Observing the Rising Dragon was my start with Blogging

The dragon is sometimes used as the national emblem of China in the West.  We are told:

Chinese dragons are legendary creatures in Chinese mythology and Chinese folklore. The dragons have many animal-like forms such as turtles, fish, and imaginary creatures, but they are most commonly depicted as snake-like with four legs. In yin and yangterminology, a dragon is yang and complements a yin fenghuang (“Chinese phoenix”).

Chinese dragons traditionally symbolize potent and auspicious powers, particularly control over water, rainfall, hurricane, and floods. The dragon is also a symbol of power, strength, and good luck for people who are worthy of it. With this, the Emperor of China usually used the dragon as a symbol of his imperial power and strength

I was visiting the other day with a fellow blogger and I got to thinking about my not so recent, trip to China in 2008.    The question was posed….

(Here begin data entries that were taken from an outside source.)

Lemma horn_fun_nat_face m m' (t : mono m n.+1) (g : mono m' m) :
  hornb K t -> (app t ord0 : nat) = 0 -> (app t (app g ord0) : nat) != 0 ->
  sact g (sact (collapse m (zeros t)) (horn_ext (cone_base t))) =
  sact (pred_mono (mcomp t g)) base_face.
Proof.
move=> Kt t0 tg0.
have zg i : (zeros t <= app g i)%N.
  rewrite leqNgt -zerosP; have := mono_le t (mono_le0 g i).
  by move: tg0; rewrite -!lt0n; lia.
have zm : (zeros t <= m)%N by have := zg ord0; have := ltn_ord (app g ord0); lia.
rewrite -sact_comp.
have -> : mcomp (collapse m (zeros t)) g = mcomp (delta0 m) g.
  by apply: mono_ext => i; rewrite !mcompE collapseE delta0E ltnNge zg.
rewrite sact_comp horn_ext_delta0 ?cone_base_horn ?zeros_gt0 //.
rewrite -sact_comp; congr (sact _ base_face).
by apply: mono_ext => i; rewrite pred_monoE !mcompE cone_baseE clamp_id.
Qed.

Lemma collapse_all_sact m z (y : X m.+1) :
  (m < z)%N -> sact (cz m) y = x0 -> sact (collapse m z) y = sact (mono_to0 m) x0.
Proof. by move=> mz y0; rewrite collapse_all // sact_comp y0. Qed.

Lemma horn_fun_nat_cone m m' (t : mono m n.+1) (g : mono m' m) :
  hornb K t -> (app t (app g ord0) : nat) = 0 ->
  sact g (sact (collapse m (zeros t)) (horn_ext (cone_base t))) =
  sact (collapse m' (zeros (mcomp t g))) (horn_ext (cone_base (mcomp t g))).
Proof.
move=> Kt tg0.
have z0 : (0 < zeros t)%N by apply/zeros_gt0/eqP; rewrite -leqn0 -tg0 mono_le0.
have z'0 : (0 < zeros (mcomp t g))%N by apply: zeros_gt0; rewrite mcompE.
have zg i : (app g i < zeros t)%N = (i < zeros (mcomp t g))%N by rewrite -!zerosP mcompE.
rewrite -sact_comp.
have -> : mcomp (collapse m (zeros t)) g =
          mcomp (fbar g) (collapse m' (zeros (mcomp t g))).
  apply: mono_ext => i; rewrite !mcompE fbarE !collapseE zg.
  by case: ltnP => //= _; rewrite inord_val.
rewrite sact_comp; case: (ltnP m' (zeros (mcomp t g))) => z'm.
  by rewrite !collapse_all_sact ?horn_ext_cz // -sact_comp fbar_cz horn_ext_cz.
have zm : (zeros t <= m)%N.
  have : ~~ (app g ord_max < zeros t) by rewrite zg -leqNgt.
  by have := ltn_ord (app g ord_max); lia.
have Kt' := cone_base_horn Kt z0 zm.
rewrite -horn_ext_nat //; apply: collapse_horn_ext_eq => //.
- exact: horn_act_proof.
- exact: cone_base_horn (horn_act_proof g Kt) z'0 z'm.
- move=> i zi; rewrite mcompE !cone_baseE !clamp_id // ?mcompE //.
  by rewrite leqNgt zg -leqNgt.
Qed.
(* Let $q$ be a nonzero complex number and let ${\mathbb F}({\rm SP}_q^{2|1})$ be the unital complex superalgebra generated by the even elements $x_+, x_-, x_+^{-1}$ and the odd element $\theta$ subject to $$x_+\theta = q\,\theta x_+,\quad \theta x_- = q\, x_-\theta,\quad x_-x_+ = q^{-2}x_+x_-,\quad \theta^2 = q^{1/2}(q-1)\,x_-x_+,\quad x_+x_+^{-1}={\bf 1}=x_+^{-1}x_+ .$$ Then ${\mathbb F}({\rm SP}_q^{2|1})$ is a $\mathbb Z_2$-graded Hopf algebra, with: (i) coproduct $\Delta:{\mathbb F}({\rm SP}_q^{2|1})\to{\mathbb F}({\rm SP}_q^{2|1})\otimes{\mathbb F}({\rm SP}_q^{2|1})$ defined by $$\Delta(x_+)=x_+\otimes x_+,\quad \Delta(\theta)=\theta\otimes{\bf 1}+{\bf 1}\otimes\theta,\quad \Delta(x_-)=x_+^{-1}\otimes x_- + x_-\otimes x_+^{-1};$$ (ii) counit $\epsilon:{\mathbb F}({\rm SP}_q^{2|1})\to\mathbb C$ given by $\epsilon(x_+)=1$, $\epsilon(\theta)=0$, $\epsilon(x_-)=0$; (iii) a $\mathbb C$-algebra antihomomorphism (coinverse) $S:{\mathbb F}({\rm SP}_q^{2|1})\to{\mathbb F}({\rm SP}_{q^{-1}}^{2|1})$ defined by $$S(x_+)=x_+^{-1},\quad S(\theta)=-\theta,\quad S(x_-)=-x_+x_-x_+ .$$
   Context: Grades: $\tau(x_\pm)=\tau(x_+^{-1})=0$, $\tau(\theta)=1$. For superalgebras the tensor product ${\mathbb A}\otimes{\mathbb A}$ has the product $(a_1\otimes a_2)(a_3\otimes a_4)=(-1)^{\tau(a_2)\tau(a_3)}a_1a_3\otimes a_2a_4$ for homogeneous elements. A $\mathbb Z_2$-graded (super-)Hopf algebra is a superalgebra ${\mathbb A}$ with linear maps $\Delta,\epsilon,S$ satisfying coassociativity $(\Delta\otimes{\rm id})\Delta=({\rm id}\otimes\Delta)\Delta$, the counit axiom $m(\epsilon\otimes{\rm id})\Delta={\rm id}=m({\rm id}\otimes\epsilon)\Delta$, the antipode axiom $m(S\otimes{\rm id})\Delta=\eta\epsilon=m({\rm id}\otimes S)\Delta$ (with $m$ the product and $\eta$ the unit map), $\Delta({\bf 1})={\bf 1}\otimes{\bf 1}$, $\epsilon({\bf 1})=1$, $S({\bf 1})={\bf 1}$, and $\Delta(ab)=\Delta(a)\Delta(b)$, $\epsilon(ab)=\epsilon(a)\epsilon(b)$, $S(ab)=(-1)^{\tau(a)\tau(b)}S(b)S(a)$. ${\mathbb F}({\rm SP}_{q^{-1}}^{2|1})$ denotes the same construction with $q$ replaced by $q^{-1}$. *)

(* Presented superalgebra F(SP_q^{2|1}) realised honestly as
   (free algebra on 4 generators) / (two-sided ideal generated by the relations),
   with elements represented by formal finite linear combinations of words. *)
From HB Require Import structures.
From mathcomp Require Import all_boot all_order all_algebra.
From mathcomp Require Export complex.
Set Implicit Arguments. Unset Strict Implicit. Unset Printing Implicit Defensive.
Import Order.TTheory GRing.Theory Num.Theory.
Local Open Scope ring_scope.

Inductive gen := Xp | Xm | Xpi | Th.

Definition gen_eqb (a b : gen) : bool :=
  match a, b with
  | Xp, Xp | Xm, Xm | Xpi, Xpi | Th, Th => true
  | _, _ => false
  end.

Lemma gen_eqP : Equality.axiom gen_eqb.
Proof. by case; case; constructor. Qed.

HB.instance Definition _ := hasDecEq.Build gen gen_eqP.

Definition word := seq gen.

Definition wpar (w : word) : bool := odd (count (pred1 Th) w).

Section SuperHopf.
Variable K : fieldType.

(* formal linear combinations in F, F (x) F, F (x) F (x) F, where F is the
   free algebra (basis: words; tensor powers: basis pairs / triples of words) *)
Definition fs1 := seq (K * word).
Definition fs2 := seq (K * word * word).
Definition fs3 := seq (K * word * word * word).

(* coefficients; two formal sums are equal in the free algebra (resp. its
   tensor powers) iff all coefficients agree *)
Definition coef1 (a : fs1) (w : word) : K := \sum_(p <- a | p.2 == w) p.1.
Definition coef2 (a : fs2) (u v : word) : K :=
  \sum_(p <- a | (p.1.2 == u) && (p.2 == v)) p.1.1.
Definition coef3 (a : fs3) (u v w : word) : K :=
  \sum_(p <- a | [&& p.1.1.2 == u, p.1.2 == v & p.2 == w]) p.1.1.1.
Definition feq1 (a b : fs1) := forall w, coef1 a w = coef1 b w.
Definition feq2 (a b : fs2) := forall u v, coef2 a u v = coef2 b u v.
Definition feq3 (a b : fs3) := forall u v w, coef3 a u v w = coef3 b u v w.

(* vector space operations (addition is concatenation) *)
Definition scale1 (c : K) (a : fs1) : fs1 := [seq (c * p.1, p.2) | p <- a].
Definition scale2 (c : K) (a : fs2) : fs2 := [seq (c * p.1.1, p.1.2, p.2) | p <- a].
Definition scale3 (c : K) (a : fs3) : fs3 :=
  [seq (c * p.1.1.1, p.1.1.2, p.1.2, p.2) | p <- a].

Definition one1 : fs1 := [:: (1, [::])].
Definition one2 : fs2 := [:: (1, [::], [::])].
Definition mono1 (w : word) : fs1 := [:: (1, w)].

Definition mul1 (a b : fs1) : fs1 :=
  [seq (p.1 * r.1, p.2 ++ r.2) | p <- a, r <- b].

(* super product on F (x) F:
   (a1 (x) a2)(a3 (x) a4) = (-1)^{tau(a2) tau(a3)} a1 a3 (x) a2 a4 *)
Definition mul2 (a b : fs2) : fs2 :=
  [seq (p.1.1 * r.1.1 * (-1) ^+ (wpar p.2 && wpar r.1.2),
        p.1.2 ++ r.1.2, p.2 ++ r.2) | p <- a, r <- b].

(* defining relations of F(SP_q^{2|1}), written as r = lhs - rhs;
   s is the chosen square root q^{1/2} *)
Definition rels (q s : K) : seq fs1 :=
  [:: [:: (1, [:: Xp; Th]); (- q, [:: Th; Xp])];
      [:: (1, [:: Th; Xm]); (- q, [:: Xm; Th])];
      [:: (1, [:: Xm; Xp]); (- (q ^+ 2)^-1, [:: Xp; Xm])];
      [:: (1, [:: Th; Th]); (- (s * (q - 1)), [:: Xm; Xp])];
      [:: (1, [:: Xp; Xpi]); (-1, [::])];
      [:: (1, [:: Xpi; Xp]); (-1, [::])] ].

Record igen := IGen { ig_c : K; ig_l : word; ig_r : fs1; ig_rr : word }.
Definition igen_val (e : igen) : fs1 :=
  scale1 (ig_c e) (mul1 (mul1 (mono1 (ig_l e)) (ig_r e)) (mono1 (ig_rr e))).

Definition place2 (x : fs1) (k : bool) (w : word) : fs2 :=
  if k then [seq (p.1, w, p.2) | p <- x] else [seq (p.1, p.2, w) | p <- x].
Definition place3 (x : fs1) (k : 'I_3) (w1 w2 : word) : fs3 :=
  match val k with
  | 0 => [seq (p.1, p.2, w1, w2) | p <- x]
  | 1 => [seq (p.1, w1, p.2, w2) | p <- x]
  | _ => [seq (p.1, w1, w2, p.2) | p <- x]
  end.

(* membership in the ideal I (resp. I(x)F + F(x)I, resp. the kernel of
   F(x)F(x)F -> A(x)A(x)A) *)
Definition inI1 (q s : K) (a : fs1) : Prop :=
  exists l : seq igen, all (fun e => ig_r e \in rels q s) l /\
    feq1 a (flatten [seq igen_val e | e <- l]).
Definition inI2 (q s : K) (a : fs2) : Prop :=
  exists l : seq (igen * bool * word), all (fun e => ig_r e.1.1 \in rels q s) l /\
    feq2 a (flatten [seq place2 (igen_val e.1.1) e.1.2 e.2 | e <- l]).
Definition inI3 (q s : K) (a : fs3) : Prop :=
  exists l : seq (igen * 'I_3 * word * word),
    all (fun e => ig_r e.1.1.1 \in rels q s) l /\
    feq3 a (flatten [seq place3 (igen_val e.1.1.1) e.1.1.2 e.1.2 e.2 | e <- l]).

Definition eqA (q s : K) (a b : fs1) := inI1 q s (a ++ scale1 (-1) b).
Definition eqA2 (q s : K) (a b : fs2) := inI2 q s (a ++ scale2 (-1) b).
Definition eqA3 (q s : K) (a b : fs3) := inI3 q s (a ++ scale3 (-1) b).

(* linear maps are given by their values on the basis words and extended
   linearly *)
Definition linD (D : word -> fs2) (a : fs1) : fs2 :=
  flatten [seq scale2 p.1 (D p.2) | p <- a].
Definition linE (E : word -> K) (a : fs1) : K := \sum_(p <- a) p.1 * E p.2.
Definition linS (S : word -> fs1) (a : fs1) : fs1 :=
  flatten [seq scale1 p.1 (S p.2) | p <- a].

Definition D_id (D : word -> fs2) (t : fs2) : fs3 :=
  flatten [seq [seq (p.1.1 * e.1.1, e.1.2, e.2, p.2) | e <- D p.1.2] | p <- t].
Definition id_D (D : word -> fs2) (t : fs2) : fs3 :=
  flatten [seq [seq (p.1.1 * e.1.1, p.1.2, e.1.2, e.2) | e <- D p.2] | p <- t].
Definition m_E_id (E : word -> K) (t : fs2) : fs1 :=
  [seq (p.1.1 * E p.1.2, p.2) | p <- t].
Definition m_id_E (E : word -> K) (t : fs2) : fs1 :=
  [seq (p.1.1 * E p.2, p.1.2) | p <- t].
Definition m_S_id (S : word -> fs1) (t : fs2) : fs1 :=
  flatten [seq scale1 p.1.1 (mul1 (S p.1.2) (mono1 p.2)) | p <- t].
Definition m_id_S (S : word -> fs1) (t : fs2) : fs1 :=
  flatten [seq scale1 p.1.1 (mul1 (mono1 p.1.2) (S p.2)) | p <- t].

How did you get started blogging?  

My Answer?

I got started blogging in 2008 when my employer in Oklahoma sent a contingent on a trip to China to sign a cooperative agreement with Chuxiong Normal University (CNU).   I wanted to provide a live narrative of our trip so I explored several options and settled on using Ning as a platform to write a blog and post pictures.  I am not sure I really had any plans beyond documenting the trip, but I have been jotting down stuff that I have been doing and telling a few stories in a public forum ever since.  The narrative of that trip is a great reminder to me of the many great friends and experiences I had during my time at Western Oklahoma State College.  I was on the trip to help the institution explore technological options for video conferencing / sharing and we did, in fact do a video call from China back to my office in Oklahoma. One of my fellow travelers, Denise Phelan wrote in her journal on June 18, 2008

We also met with the Distance & Information Center, where Kent was in his element.  It seems that “computer” is a universal language.  

For the techies reading this we connected from a MacBook Pro (shown below) running an open source H.323 client called XMeeting.    

That particular video conference was one of the coolest tech experiences of my educational career.  Live interactive video from a place that is really a mystery to most Americans.  My recent conversation about creating that blog did jog several other memories from that trip.   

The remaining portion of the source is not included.